В беспощадной критике «Опыта о правительстве» Джеймса Милля («Edinburgh Review», 1829) лорд Маколей становится на позицию «учебы у опыта» — против попыток Джеймса Милля выработать дедуктивную науку политического действия. Милль соглашается с критикой Маколеем своего отца Джеймса Милля: политическая наука не выводится из аксиом наподобие геометрии. В то же самое время ссылки Маколея на опыт — на «учение у истории» — кажутся Миллю атакой во имя бессистемного здравого смысла на научный подход вообще. Тем самым он ведет войну как бы на два фронта: защищает опыт, оспаривая Уэвелла, и указывает на границы опыта, оспаривая Маколея. Вот почему «эмпиризм» в устах Милля столь часто звучит как бранное слово; он пользуется им в таких фразах, как «дурные обобщения эмпиризма», «прямая индукция чаще всего немногим лучше эмпиризма». Сам он постоянно настаивает, что является «эксперименталистом», а не «эмпир истом», оставляя последний Маколею. Но из чего же нам исходить, как не из обобщений опыта? Какие у нас есть основания, помимо наблюдений регулярностей нашего опыта, чтобы увериться в том, что мы можем переходить от частного А к частному В, или, иными словами, утверждать правило вывода, согласно которому А есть «признак» появления В?

Самым кратким образом Милль дает на это ответ в своей работе «Огюст Конт и позитивизм» (1865): «Истинность полученного индуктивным путем общего суждения доказана только в том случае, если примеры, на которых оно покоится, таковы, что при правильном их наблюдении ложность обобщения не согласуется с постоянством причинности; это предполагает универсальность того факта, что природные явления согласуются с неизменными законами следования». Теперь мы видим, в каком направлении был вынужден двигаться Милль в силу своего отрицания «эмпиризма». Когда мы читаем его критику традиционной трактовки силлогизма, то нужно все время иметь в виду его идеал «логики исследования», которая возвышается над «логикой непротиворечивости», т. е. над формальной логикой. Но теперь оказывается, что само «индуктивное доказательство» является частью «логики непротиворечивости»; доказательство того, что «А есть причина В», заключается именно в том, что утверждение обратного не согласуется с законом причинности.

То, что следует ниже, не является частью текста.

(* In the setting below, let $i_1,\dots,i_m\in I$ and set $i_r':=(g_{i_1}g_{i_2}\cdots g_{i_{r-1}})(i_r)\in S$ for $1\le r\le m$. (1) If $i_r'=i_{r+1}'$ for some $r$, then there are $j_1,\dots,j_{m-2}\in I$ with $l_{j_1}\cdots l_{j_{m-2}}=l_{i_1}\cdots l_{i_m}$ in $L$ such that $j_k'=i_k'$ for $1\le k\le r-1$ and $j_k'=i_{k+2}'$ for $r\le k\le m-2$ (where $j_k'$ is defined from $j_1,\dots,j_k$ in the same way). (2) If $i_r'$ and $i_{r+1}'$ commute in $W$, then there are $j_1,\dots,j_m\in I$ with $l_{j_1}\cdots l_{j_m}=l_{i_1}\cdots l_{i_m}$ in $L$ such that $j_k'=i_k'$ for $k\ne r,r+1$, $j_r'=i_{r+1}'$ and $j_{r+1}'=i_r'$.
   Context: Setting: $(W,S)$ is a right-angled Coxeter system (all off-diagonal Coxeter matrix entries in $\{2,\infty\}$), $G$ is a subgroup of $\mathrm{Aut}(W,S)$ (automorphisms of $W$ mapping $S$ bijectively to $S$), $I\subset S$, and $\{g_i\}_{i\in I}$ is a family of involutions in $G$ such that: (i) $g_i(s)\in S$ for all $i\in I$, $s\in S$; (ii) for all $i,j\in I$ with $ij=ji$, either [$g_i(j)\in I$, $g_j(i)=i$ and $g_{g_i(j)}=g_ig_jg_i$] or [$g_j(i)\in I$, $g_i(j)=j$ and $g_{g_j(i)}=g_jg_ig_j$]; (iii) $g_i(i)=i$ for all $i\in I$. $L$ is the group generated by symbols $l_i$, $i\in I$, subject to $l_i^2=1$ for all $i$, and $l_il_j=l_{g_i(j)}l_i$ whenever $ij=ji$, $g_j(i)=i$, $g_i(j)\in I$ and $g_{g_i(j)}=g_ig_jg_i$. *)

From mathcomp Require Import all_boot.
Set Implicit Arguments. Unset Strict Implicit. Unset Printing Implicit Defensive.

(* Equality in a group given by a presentation with involutive generators
   (every generator x satisfies x^2 = 1 among the relations), realised as the
   congruence closure on words of the relation set R (each pair (u,v) in R is
   a defining relation u = v). *)
Inductive cong_closure (X : Type) (R : seq X -> seq X -> Prop)
  : seq X -> seq X -> Prop :=
| cc_rel u v : R u v -> cong_closure R u v
| cc_refl u : cong_closure R u u
| cc_sym u v : cong_closure R u v -> cong_closure R v u
| cc_trans u v w : cong_closure R u v -> cong_closure R v w -> cong_closure R u w
| cc_ctx a b u v : cong_closure R u v -> cong_closure R (a ++ u ++ b) (a ++ v ++ b).

(* Coxeter matrix m : S -> S -> option nat, with None standing for infinity.
   Right-angled: m s s = 1, symmetric, off-diagonal entries in {2, oo}. *)
Definition right_angled_coxeter_matrix (S : Type) (m : S -> S -> option nat) :=
  [/\ forall s, m s s = Some 1,
      forall s t, m s t = m t s &
      forall s t, s <> t -> m s t = Some 2 \/ m s t = None].

Definition coxeter_rel (S : Type) (m : S -> S -> option nat) (u v : seq S) : Prop :=
  v = [::] /\ exists s t k, m s t = Some k /\ u = flatten (nseq k [:: s; t]).

Definition W_eq (S : Type) (m : S -> S -> option nat) := cong_closure (coxeter_rel m).

Definition W_commute (S : Type) (m : S -> S -> option nat) (s t : S) :=
  W_eq m [:: s; t] [:: t; s].

(* f : S -> S is (the restriction to S of) an automorphism of W mapping S
   bijectively onto S: f is a bijection of S whose induced map on words
   descends to a well-defined injective endomorphism of W (surjective since
   S generates W). *)
Definition is_autWS (S : Type) (m : S -> S -> option nat) (f : S -> S) :=
  bijective f /\ forall u v, W_eq m u v <-> W_eq m (map f u) (map f v).

Definition all_in (S : Type) (I : S -> Prop) (l : seq S) : Prop :=
  foldr (fun x P => I x /\ P) True l.

(* Defining relations of L (generator l_i represented by the letter i \in I). *)
Definition L_rel (S : Type) (m : S -> S -> option nat) (I : S -> Prop)
    (g : S -> S -> S) (u v : seq S) : Prop :=
  (exists i, I i /\ u = [:: i; i] /\ v = [::]) \/
  (exists i j, I i /\ I j /\ W_commute m i j /\ g j i = i /\ I (g i j) /\
     (forall s, g (g i j) s = g i (g j (g i s))) /\
     u = [:: i; j] /\ v = [:: g i j; i]).

Definition L_eq (S : Type) (m : S -> S -> option nat) (I : S -> Prop)
    (g : S -> S -> S) := cong_closure (L_rel m I g).

(* primed g [:: i_1; ...; i_m] = [:: i_1'; ...; i_m'] with
   i_r' = (g_{i_1} ... g_{i_{r-1}})(i_r). *)
Fixpoint primed (S : Type) (g : S -> S -> S) (l : seq S) : seq S :=
  if l is i :: l' then i :: map (g i) (primed g l') else [::].

From mathcomp Require Import all_boot.
Set Implicit Arguments.
Unset Strict Implicit.
Unset Printing Implicit Defensive.

(* Writing g_p for the composite g_{i_1} ... g_{i_k} along a word p, the primed
   word of p ++ [:: i; j] ++ q is that of p, followed by g_p(i), g_p(g_i(j)), and
   the primed word of q transported by g_p g_i g_j.  Everything therefore
   happens inside the two-letter block [:: i; j].  If its two primed letters
   agree, injectivity of g_p forces g_i(j) = i, hence j = i and l_i l_i = 1
   deletes the block.  If they commute in W, then so do i and j (the g_k are
   automorphisms of W fixing k), and condition (ii) provides the defining
   relation of L that rewrites l_i l_j as l_{i'} l_{j'} with i' = g_i(j),
   g_{i'}(j') = i and g_{i'} g_{j'} = g_i g_j: the two primed letters are
   swapped and the rest of the primed word is unchanged. *)

Section PrimedWords.

Variables (S : Type) (g : S -> S -> S).

Fixpoint gcomp (p : seq S) : S -> S :=
  if p is i :: p' then fun s => g i (gcomp p' s) else id.

Lemma size_primed p : size (primed g p) = size p.
Proof. by elim: p => [|i p IHp] //=; rewrite size_map IHp. Qed.

Lemma primed_cat p q :
  primed g (p ++ q) = primed g p ++ map (gcomp p) (primed g q).
Proof.
elim: p => [|i p IHp] /=; first by rewrite map_id.
by rewrite IHp map_cat -map_comp.
Qed.

Lemma primed_block p i j q :
  primed g (p ++ [:: i; j] ++ q) =
  primed g p ++ [:: gcomp p i; gcomp p (g i j)] ++
  map (gcomp p \o (g i \o g j)) (primed g q).
Proof. by rewrite primed_cat /= -!map_comp. Qed.

Lemma primed_split2 ws a b x y :
  primed g ws = a ++ [:: x; y] ++ b ->
  exists p i j q, [/\ ws = p ++ [:: i; j] ++ q, primed g p = a,
    x = gcomp p i, y = gcomp p (g i j) &
    b = map (gcomp p \o (g i \o g j)) (primed g q)].
Proof.
move=> Ews.
set p := take (size a) ws.
have le_a_ws : size a <= size ws.
  by rewrite -(size_primed ws) Ews size_cat leq_addr.
have size_p : size (primed g p) = size a.
  by rewrite size_primed size_take_min (minn_idPl le_a_ws).
have Esplit : primed g p ++ map (gcomp p) (primed g (drop (size a) ws)) =
               a ++ [:: x; y] ++ b.
  by rewrite -primed_cat cat_take_drop.
have Ep : primed g p = a.
  by move: (congr1 (take (size a)) Esplit); rewrite !take_size_cat.
have Erest : map (gcomp p) (primed g (drop (size a) ws)) = [:: x; y] ++ b.
  by move: (congr1 (drop (size a)) Esplit); rewrite !drop_size_cat.
case Edrop: (drop (size a) ws) Erest => [|i [|j q]] //= [Ex Ey Eb].
exists p, i, j, q; split=> //; last by rewrite -Eb -!map_comp.
by rewrite -Edrop cat_take_drop.
Qed.

End PrimedWords.

Section Swaps.

Variables (S : Type) (m : S -> S -> option nat) (I : S -> Prop) (g : S -> S -> S).

Hypothesis Haut : forall i, I i -> is_autWS m (g i).
Hypothesis Hinv : forall i, I i -> forall s, g i (g i s) = s.
Hypothesis Hii : forall i j, I i -> I j -> W_commute m i j ->
  (I (g i j) /\ g j i = i /\ (forall s, g (g i j) s = g i (g j (g i s)))) \/
  (I (g j i) /\ g i j = j /\ (forall s, g (g j i) s = g j (g i (g j s)))).
Hypothesis Hiii : forall i, I i -> g i i = i.

Lemma all_in_cat p q : all_in I (p ++ q) <-> all_in I p /\ all_in I q.
Proof. by elim: p => [|i p IHp] /=; [tauto | move: IHp; tauto]. Qed.

Lemma gcomp_inj p : all_in I p -> injective (gcomp g p).
Proof.
elim: p => [_ s t //|i p IHp [Ii Ip] s t /= Est].
by apply: (IHp Ip); rewrite -(Hinv Ii (gcomp g p s)) Est Hinv.
Qed.

Lemma autWS_commute f a b :
  is_autWS m f -> W_commute m (f a) (f b) <-> W_commute m a b.
Proof. by move=> [_ Hf]; split=> C; [apply/Hf | apply/(Hf [:: a; b] [:: b; a])]. Qed.

Lemma W_commute_gcomp p a b :
  all_in I p -> W_commute m (gcomp g p a) (gcomp g p b) -> W_commute m a b.
Proof.
elim: p => [//|i p IHp [Ii Ip] /= C].
by apply: (IHp Ip); apply/(autWS_commute _ _ (Haut Ii)).
Qed.

Lemma L_eq_cancel a b i :
  I i -> L_eq m I g (a ++ b) (a ++ [:: i; i] ++ b).
Proof.
move=> Ii; rewrite -[a ++ b]/(a ++ [::] ++ b).
by apply/cc_ctx/cc_sym/cc_rel; left; exists i.
Qed.

Lemma L_eq_swap i j :
  I i -> I j -> W_commute m i j ->
  exists j', [/\ I (g i j), I j', L_eq m I g [:: g i j; j'] [:: i; j],
    g (g i j) j' = i & g (g i j) \o g j' =1 g i \o g j].
Proof.
move=> Ii Ij Cij.
case: (Hii Ii Ij Cij) => [[Igij [gji gij_conj]] | [Igji [gij gji_conj]]].
- exists i; split=> //.
  + by apply/cc_sym/cc_rel; right; exists i, j.
  + by rewrite gij_conj Hiii // gji Hiii.
  + by move=> s /=; rewrite gij_conj Hinv.
- have Cjgji : W_commute m j (g j i).
    by apply/(autWS_commute _ _ (Haut Ij)); rewrite Hinv // Hiii //; apply: cc_sym.
  exists (g j i); rewrite gij; split=> //.
  (* The relation used is l_j l_{g_j i} = l_{g_j (g_j i)} l_j, i.e. l_i l_j. *)
  + rewrite -[in X in L_eq _ _ _ _ X](Hinv Ij i).
    apply: cc_rel; right; exists j, (g j i); rewrite Hinv //.
    do !split=> //; first by rewrite gji_conj Hiii // gij Hiii.
    by move=> s; rewrite gji_conj !Hinv.
  + by rewrite Hinv.
  + by move=> s /=; rewrite gji_conj !Hinv.
Qed.

End Swaps.

Theorem lemma2 (S : Type) (m : S -> S -> option nat) (I : S -> Prop)
  (g : S -> S -> S)
  (Hm : right_angled_coxeter_matrix m)
  (Haut : forall i, I i -> is_autWS m (g i))
  (Hinv : forall i, I i -> forall s, g i (g i s) = s)
  (Hnontriv : forall i, I i -> exists s, g i s <> s)
  (Hii : forall i j, I i -> I j -> W_commute m i j ->
     (I (g i j) /\ g j i = i /\ (forall s, g (g i j) s = g i (g j (g i s)))) \/
     (I (g j i) /\ g i j = j /\ (forall s, g (g j i) s = g j (g i (g j s)))))
  (Hiii : forall i, I i -> g i i = i) :
  (forall (ws : seq S) (a b : seq S) (x : S),
     all_in I ws -> primed g ws = a ++ [:: x; x] ++ b ->
     exists js : seq S, [/\ all_in I js, L_eq m I g js ws & primed g js = a ++ b])
  /\
  (forall (ws : seq S) (a b : seq S) (x y : S),
     all_in I ws -> primed g ws = a ++ [:: x; y] ++ b -> W_commute m x y ->
     exists js : seq S, [/\ all_in I js, L_eq m I g js ws & primed g js = a ++ [:: y; x] ++ b]).
Proof.
split.
- move=> ws a b x Iws /(@primed_split2 _ g) [p [i [j [q [Ews Ea Ex Ey Eb]]]]].
  subst a b x.
  move: Iws; rewrite Ews => /all_in_cat [Ip /all_in_cat [[Ii [Ij _]] Iq]].
  have gij : g i j = i by apply: (gcomp_inj Hinv Ip).
  have -> : j = i by rewrite -(Hinv i Ii j) gij Hiii.
  exists (p ++ q); split; first by apply/all_in_cat.
    exact: L_eq_cancel.
  by rewrite primed_cat; congr (_ ++ _); apply: eq_map => s /=; rewrite Hinv.
- move=> ws a b x y Iws /(@primed_split2 _ g) [p [i [j [q [Ews Ea Ex Ey Eb]]]]] Cxy.
  subst a b x y.
  move: Iws; rewrite Ews => /all_in_cat [Ip /all_in_cat [[Ii [Ij _]] Iq]].
  have Cij : W_commute m i j.
    have Cigij := W_commute_gcomp Haut Ip Cxy.
    by move/(autWS_commute _ _ (Haut i Ii)): Cigij; rewrite Hiii // Hinv.
  have [j' [Igij Ij' Lswap gij' gcomp_eq]] := L_eq_swap Haut Hinv Hii Hiii Ii Ij Cij.
  exists (p ++ [:: g i j; j'] ++ q); split.
  + by apply/all_in_cat; split=> //; apply/all_in_cat.
  + exact: cc_ctx.
  + by rewrite primed_block gij'; congr (_ ++ _ ++ _); apply: eq_map => s; exact: (congr1 (gcomp g p) (gcomp_eq s)).
Qed.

Конечно, обсуждая «свидетельства единообразной причинности», сам Милль предполагает, что отношение между принципом причинности и специфическими каузальными утверждениями тождественно тому отношению, которое имеется между «все люди смертны» и «лорд Пальмерстон смертей». Очевидно, что этого недостаточно: если утверждение «каждое событие имеет причину» аналогично утверждению «все люди смертны», то аналогией «лорд Пальмерстон смертей» будет «данное событие имеет какую-то причину», а не «данное явление имеет своей причиной В». Именно высказывания последнего типа были целью Милля, когда он стремился показать, что противоречащее таким высказываниям не согласуется с законом причинности. .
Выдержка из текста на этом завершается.